[Data for the task — start]

Lemma defect_of_cover (x0 : X) (L : seq (set Y)) :
  {in L, forall A, Sigma M Ebar A} -> (forall y, exists2 A, A \in L & A y) ->
  exists n (V : 'I_n -> set Y),
    [/\ fin_family V, (forall i, Sigma M Ebar (V i)), Sigma M Ebar (family_union V)
      & 1 - \sum_(A <- L) mu A <= defect mu V <= 1].
Proof.
move=> SL L_cover; exists (size (undup L)), (family_of_seq L).
have UT : family_union (family_of_seq L) = setT.
  by rewrite family_union_of_seq; apply/seteqP; split=> y // _; apply: L_cover.
have mu_ge0L : {in L, forall A, 0 <= mu A} by move=> A /SL /mu_ge0.
split; [exact: fin_family_of_seq | by move=> i; apply/SL/family_of_seq_mem |
        by rewrite UT; apply: Sigma_setT x0 |].
rewrite /defect UT (mu_setT x0) sum_family_of_seq lerD2l lerN2 ler_sum_undup //=.
by rewrite gerBl big_seq sumr_ge0 // => A; rewrite mem_undup => /mu_ge0L.
Qed.

Lemma strongly_contextual_defect : strongly_contextual M e ->
  exists n (V : 'I_n -> set Y),
    [/\ fin_family V, (forall i, Sigma M Ebar (V i)),
        Sigma M Ebar (family_union V) & defect mu V = 1].
Proof.
move=> SC; have g_inconsistent g : global_section g -> ~ consistent_with_support M e g.
  by move=> gX g_cons; apply: SC; exists g.
have [o _] : exists o : O, o \in O by case: HS => _ _ /card_gt0P.
have g0X : global_section ([ffun => Some o] : section X O).
  by apply/eqP/setP=> x; rewrite mem_dom ffunE inE.
have [C /and4P [_ /set0Pn [x0 _] _ _]] :=
  inconsistent_support_gap g0X (g_inconsistent _ g0X).
have null_Sigma : {in null_events, forall A, Sigma M Ebar A}.
  by move=> A /null_eventsP [].
have null_cover y : exists2 A, A \in null_events & A y.
  apply: (null_events_cover (C := finset.set0) (t := [ffun => None])) => [|x|g gX _].
  - by rewrite sec_over0.
  - by rewrite inE.
  - exact: g_inconsistent.
have [n [V [VV SV SU /andP [defect_ge defect_le]]]] :=
  defect_of_cover x0 null_Sigma null_cover.
exists n, V; split=> //; apply/eqP; rewrite eq_le defect_le /=.
by move: defect_ge; rewrite big_seq big1 ?subr0 // => A /null_eventsP [].
Qed.

Lemma logically_contextual_defect : logically_contextual M e ->
  exists n (V : 'I_n -> set Y),
    [/\ fin_family V, (forall i, Sigma M Ebar (V i)),
        Sigma M Ebar (family_union V) & 0 < defect mu V].
Proof.
case=> C [t [CM tC et t_inconsistent]].
have [C0|C0] := eqVneq C finset.set0.
  have SC : strongly_contextual M e.
    case=> g [gX g_cons]; apply: t_inconsistent; exists g; split=> //.
    by move: tC; rewrite C0 restrict0 sec_over0 => /eqP ->.
  have [n [V [VV SV SU defect1]]] := strongly_contextual_defect SC.
  by exists n, V; rewrite defect1 ltr01.
have [x0 _] := set0Pn _ C0.
have cC : context M C by exists C.
have [m_ge0 mT mU] := mu_prob cC C0.
have SEt := SigmaU_Ebar ER C0 tC.
pose L := ~` Ebar t :: null_events.
have SL : {in L, forall A, Sigma M Ebar A}.
  move=> A; rewrite inE => /orP [/eqP -> | /null_eventsP []//].
  exact: (Sigma_SigmaU cC C0 (ga_compl SEt)).
have L_cover y : exists2 A, A \in L & A y.
  have [ty | nty] := pselect (Ebar t y); last by exists (~` Ebar t); rewrite ?mem_head.
  have [A An Ay] : exists2 A, A \in null_events & A y.
    apply: (null_events_cover tC) => [x xC|g gX gt g_cons].
      apply: (Ebar_restrict_sub ER (set1_neq0 x)) ty.
      by rewrite finset.sub1set (eqP tC).
    by apply: t_inconsistent; exists g.
  by exists A; rewrite // inE An orbT.
have [n [V [VV SV SU /andP [defect_ge _]]]] := defect_of_cover x0 SL L_cover.
exists n, V; split=> //; apply: lt_le_trans defect_ge.
rewrite big_cons big_seq big1 => [|A /null_eventsP [] //].
by rewrite addr0 (measureC mU SEt) mT (mu_Ebar CM C0 tC) opprB addrC subrK.
Qed.

Section GlobalDistribution.
Variable nu : set Y -> R.
Local Notation G := (gen_algebra (Sigma M Ebar)).
Hypotheses (nu_ge0 : forall A, G A -> 0 <= nu A)
  (nuU : forall A B, G A -> G B -> A `&` B = set0 -> nu (A `|` B) = nu A + nu B)
  (nu_mu : forall A, Sigma M Ebar A -> nu A = mu A).
(* Only for nonempty X does the event representation determine E(g) as the
   intersection of the E(g|_x). *)
Variable x0 : X.

Let domg g : global_section g -> dom g != finset.set0.
Proof. by move=> /eqP ->; apply/set0Pn; exists x0; rewrite inE. Qed.

Let nu_sub_null A B : G A -> Sigma M Ebar B -> A `<=` B -> mu B = 0 -> nu A = 0.
Proof.
move=> GA SB AB muB0.
by apply: (measure_sub0 nu_ge0 nuU GA (ga_base SB) AB); rewrite nu_mu.
Qed.

Lemma gen_algebra_Ebar_global g : global_section g -> G (Ebar g).
Proof.
move=> gX; rewrite (Ebar_bigI ER) ?domg //.
apply: gen_algebra_bigI => x _; apply: ga_base.
exact: (Sigma_Ebar (context1 x) (set1_neq0 x) (sec_over_restrict_global _ gX)).
Qed.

[Data for the task — finish]

● Task goal:
Each line above from the one with "by rewrite addr0" up to and including the one with "Hypotheses (nu_ge0 : forall" must be set down exactly, and no line outside that span may appear.

● Exercise answer:
by rewrite addr0 (measureC mU SEt) mT (mu_Ebar CM C0 tC) opprB addrC subrK.
Qed.

Section GlobalDistribution.
Variable nu : set Y -> R.
Local Notation G := (gen_algebra (Sigma M Ebar)).
Hypotheses (nu_ge0 : forall A, G A -> 0 <= nu A)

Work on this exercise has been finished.